Until recently, the Internet has been associated with a mere network of interconnected computers that allowed us to communicate and access multimedia content. But that classic concept of the Internet has completely lost its validity. Since the appearance and rise of mobile devices and the subsequent appearance of smart devices, the Internet has grown exponentially, incorporating millions of new machines and electronic goods capable of capturing, processing, and exchanging data.


We’re definitely witnessing a fascinating time of rapid technological development in which innovations such as mobile devices, 5G networks, or machine learning are converging and subsequently pushing the expansion and evolution of IoT even further.
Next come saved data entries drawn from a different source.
Lemma hray_sectors Z L1 L2 L3 r l1 l2 l3 : equi_config Z L1 L2 L3 r l1 l2 l3 ->
  (exists v1 v2 v3, hray Z L1 L2 L3 v1 /\ hray Z L2 L3 L1 v2 /\ hray Z L3 L1 L2 v3) /\
  (forall v1 v2 v3, hray Z L1 L2 L3 v1 -> hray Z L2 L3 L1 v2 -> hray Z L3 L1 L2 v3 ->
     hsector Z v1 v2 v3 = sector_angle l1 l2 l3 /\ hsector Z v2 v3 v1 = sector_angle l2 l3 l1 /\
     hsector Z v3 v1 v2 = sector_angle l3 l1 l2).
Proof.
  intro C. pose proof C as [S1 [S2 S3]].
  pose proof (equi_config_rot _ _ _ _ _ _ _ _ C) as C'.
  pose proof (equi_config_rot _ _ _ _ _ _ _ _ C') as C''.
  destruct (sign_choice _ (det3_config_neq0 _ _ _ _ _ _ _ _ C)) as (e & He & HeD).
  assert (HeD' : e * det3 L3 L1 L2 < 0) by (rewrite <- det3_cycle; exact HeD).
  assert (HeD'' : e * det3 L1 L2 L3 < 0) by (rewrite det3_cycle; exact HeD).
  pose proof (fun v => hray_unique _ _ _ _ _ _ e v S1 He HeD) as R1.
  pose proof (fun v => hray_unique _ _ _ _ _ _ e v S2 He HeD') as R2.
  pose proof (fun v => hray_unique _ _ _ _ _ _ e v S3 He HeD'') as R3.
  split.
  - exists (hbis_dir e Z L2 L3), (hbis_dir e Z L3 L1), (hbis_dir e Z L1 L2).
    rewrite R1, R2, R3. auto.
  - intros v1 v2 v3 H1 H2 H3. rewrite R1 in H1. rewrite R2 in H2. rewrite R3 in H3. subst.
    split; [|split]; eapply hsector_hbis_dir; eassumption.
Qed.

Lemma eray_sectors O P1 P2 P3 a b c : tri_ineq a b c -> eucl_triangle P1 P2 P3 a b c ->
  circumcenter O P1 P2 P3 ->
  (exists u1 u2 u3, eray O P1 P2 P3 u1 /\ eray O P2 P3 P1 u2 /\ eray O P3 P1 P2 u3) /\
  (forall u1 u2 u3, eray O P1 P2 P3 u1 -> eray O P2 P3 P1 u2 -> eray O P3 P1 P2 u3 ->
     esector u1 u2 u3 = sector_angle a b c /\ esector u2 u3 u1 = sector_angle b c a /\
     esector u3 u1 u2 = sector_angle c a b).
Proof.
  intros T Htri [HO1 HO2]. pose proof T as (Ha & Hb & Hc & _). pose proof Htri as (Ea & Eb & Ec).
  assert (HE : orient P2 P3 P1 <> 0).
  { intro E. pose proof (orient_sq _ _ _ _ _ _ Htri) as E2. pose proof (heron_pos _ _ _ T).
    rewrite E in E2. lra. }
  destruct (sign_choice _ HE) as (t & Ht & HtE).
  assert (HtE' : t * orient P3 P1 P2 < 0).
  { replace (orient P3 P1 P2) with (orient P2 P3 P1) by (unfold orient, ecross, psub; simpl; ring).
    exact HtE. }
  assert (HtE'' : t * orient P1 P2 P3 < 0).
  { replace (orient P1 P2 P3) with (orient P2 P3 P1) by (unfold orient, ecross, psub; simpl; ring).
    exact HtE. }
  pose proof (fun u => eray_unique O P1 P2 P3 a t u Ea Ha HO2 Ht HtE) as R1.
  pose proof (fun u => eray_unique O P2 P3 P1 b t u Eb Hb ltac:(congruence) Ht HtE') as R2.
  pose proof (fun u => eray_unique O P3 P1 P2 c t u Ec Hc HO1 Ht HtE'') as R3.
  split.
  - exists (ebis_dir t P2 P3), (ebis_dir t P3 P1), (ebis_dir t P1 P2).
    rewrite R1, R2, R3. auto.
  - intros u1 u2 u3 H1 H2 H3. rewrite R1 in H1. rewrite R2 in H2. rewrite R3 in H3. subst.
    pose proof (tri_ineq_rot _ _ _ T) as T'. pose proof (tri_ineq_rot _ _ _ T') as T''.
    split; [|split]; apply esector_ebis_dir; try assumption; split; auto.
Qed.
Last year, I was able to attend the Consumer Electronics Show, and I can tell you those innovations are already here to change our daily routines for good. I’m talking about things like Internet-connected appliances that will warn us when we run out of milk or TVs that we can use not only to watch our favorite online content but also for our workout, being able to estimate how many calories we burn with that workout.


Let me drop back a moment and ask what attracted you to this field.


I’m from Galicia, in Spain, and I went to school at the University of Vigo there. And when I finished my bachelor's degree in computer science, I started working as an intern in the SI6 Computer Graphics and Multimedia Lab. The projects that we had were all basically aimed at the development of graphics-based multimedia interactive tools. That's how I started getting interested in the relationship between machines—in this case computers—and users.


That led me to a project—this was in 2009—of creating some kind of interactive application that could allow the user to design a cabinet in an easy way. In Spain, it is very typical to create custom cabinets for your home. But it's kind of tricky because typically the designs are done using CAD software, which is very technically demanding. So my main goal was to come up with something that my mom or I could use to design the cabinet for our home, and then just send an order to the cabinet manufacturer, shortening the whole manufacturing chain.


What I came up with was a mobile application that provided the user with a touch-based experience—the user could, just with a finger, interactively design the cabinet. That was my first contact with mobile IoT work.


Did you do that as part of your Ph.D. work?


No, but let’s say that was my first research project in the lab, and that led to my Ph.D. One of the greatest problems of the users when they start a new cabinet design is having an idea. It's very complicated for many people to face what I call the “blank-sheet issue.”


So what I wanted was to make kind of a “recommender system” that could suggest several proposals to the user—several designs based on their particular needs. Let's say 20 percent of a user’s clothes are jackets, 50 percent are trousers, and 25 percent are T-shirts. That person has a style that is completely different from, say, a businessman. So the distribution inside his cabinet is going to be pretty different from the distribution inside a businessman’s cabinet. A big goal of my Ph.D. thesis was to come up with an algorithm that could automatically generate the distribution of the cabinet, allowing the user to customize the cabinet for his own wardrobe.


Once I successfully defended my Ph.D. dissertation, I started working in a company in the private sector as head of development of the mobile department. What we did was develop tons of different and tailored mobile applications.

For various businesses, or just for various uses?


For various businesses. We made, for example, a social network for travelers just to share different routes. We made mobile applications for logistics. We also made another mobile application for labor risk prevention. So yeah, all mobile applications but targeted to different domains.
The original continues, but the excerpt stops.